***** RECORDS FOR THE TASK *****

Lemma ln_mu_star : ln (mu_star p) = ln (p + 1) + p / (p + 1) * (ln (p + 1) - ln (2 * p)).
Proof.
  unfold mu_star. rewrite ln_mult by (try lra; unfold Rpower; apply exp_pos).
  rewrite ln_Rpower. unfold Rdiv at 2. rewrite ln_mult by (try apply Rinv_0_lt_compat; lra).
  rewrite ln_Rinv by lra. unfold Rdiv. ring.
Qed.

(* That is [1 - (-M / mu_star p)^(p+1)], whence the threshold [mu_star]. *)
Lemma G_phi_min : M < 0 -> G p M phi_min = 1 - exp ((p + 1) * (ln (- M) - ln (mu_star p))).
Proof.
  intros HM. pose proof phi_min_pos. pose proof qexp_gt1; pose proof qexp_lt2; pose proof bexp_gt1.
  rewrite G_of_pos by auto.
  set (L := ln (- M * qexp p / (2 * bexp p))).
  assert (E1 : phi_min ^ 2 = exp (qexp p * ln phi_min) * exp ((2 - qexp p) * ln phi_min)).
  { rewrite <- exp_plus. replace (qexp p * ln phi_min + (2 - qexp p) * ln phi_min)
      with (ln phi_min + ln phi_min) by ring.
    rewrite exp_plus, exp_ln by auto. simpl; ring. }
  assert (E2 : exp (qexp p * ln phi_min) = exp (p * L)).
  { unfold phi_min. rewrite ln_exp. f_equal. fold L. unfold qexp. field. split; lra. }
  assert (E3 : L = ln (- M) + ln (2 * p) - 2 * ln (p + 1)).
  { unfold L, qexp, bexp.
    replace (- M * (2 * p / (p + 1)) / (2 * ((p + 1) / 2))) with (- M * (2 * p) * / ((p + 1) * (p + 1)))
      by (field; lra).
    assert (0 < - M * (2 * p)) by nra. assert (0 < (p + 1) * (p + 1)) by nra.
    rewrite ln_mult, ln_Rinv by (try apply Rinv_0_lt_compat; lra).
    rewrite (ln_mult (p + 1) (p + 1)), (ln_mult (- M) (2 * p)) by lra. ring. }
  assert (E4 : exp ((p + 1) * (ln (- M) - ln (mu_star p))) = - M * exp (p * L) / (p + 1)).
  { rewrite ln_mu_star, E3.
    replace ((p + 1) * (ln (- M) - (ln (p + 1) + p / (p + 1) * (ln (p + 1) - ln (2 * p)))))
      with (ln (- M) + p * (ln (- M) + ln (2 * p) - 2 * ln (p + 1)) + - ln (p + 1)) by (field; lra).
    rewrite !exp_plus, exp_Ropp, !exp_ln by lra. field. lra. }
  rewrite E1, exp_phi_min, E2, E4 by auto. unfold qexp, bexp. field. lra.
Qed.

Lemma G_phi_min_le : M <= - mu_star p -> G p M phi_min <= 0.
Proof.
  intros HM. pose proof mu_star_pos. rewrite G_phi_min by lra.
  assert (ln (mu_star p) <= ln (- M)) by (apply ln_le; lra).
  assert (0 <= (p + 1) * (ln (- M) - ln (mu_star p))) by (apply Rmult_le_pos; lra).
  pose proof (exp_ineq1_le ((p + 1) * (ln (- M) - ln (mu_star p)))). lra.
Qed.

Lemma G_phi_min_lt : M < - mu_star p -> G p M phi_min < 0.
Proof.
  intros HM. pose proof mu_star_pos. rewrite G_phi_min by lra.
  assert (ln (mu_star p) < ln (- M)) by (apply ln_increasing; lra).
  assert (0 < (p + 1) * (ln (- M) - ln (mu_star p))) by (apply Rmult_lt_0_compat; lra).
  pose proof (exp_ineq1 ((p + 1) * (ln (- M) - ln (mu_star p))) ltac:(lra)). lra.
Qed.

Lemma G_phi_min_gt : M < 0 -> - mu_star p < M -> 0 < G p M phi_min.
Proof.
  intros HM0 HM. pose proof mu_star_pos. rewrite G_phi_min by lra.
  assert (ln (- M) < ln (mu_star p)) by (apply ln_increasing; lra).
  assert ((p + 1) * (ln (- M) - ln (mu_star p)) < 0).
  { assert (0 < (p + 1) * (ln (mu_star p) - ln (- M))) by (apply Rmult_lt_0_compat; lra). nra. }
  assert (Hlt : exp ((p + 1) * (ln (- M) - ln (mu_star p))) < exp 0) by (apply exp_increasing; lra).
  rewrite exp_0 in Hlt. lra.
Qed.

*****

TASK BRIEF: What is wanted is every line from the first line of the entries through the line that contains "rewrite ln_Rinv by lra. unfold Rdiv. ring.", given again exactly.

YOUR SOLUTION:
Lemma ln_mu_star : ln (mu_star p) = ln (p + 1) + p / (p + 1) * (ln (p + 1) - ln (2 * p)).
Proof.
  unfold mu_star. rewrite ln_mult by (try lra; unfold Rpower; apply exp_pos).
  rewrite ln_Rpower. unfold Rdiv at 2. rewrite ln_mult by (try apply Rinv_0_lt_compat; lra).
  rewrite ln_Rinv by lra. unfold Rdiv. ring.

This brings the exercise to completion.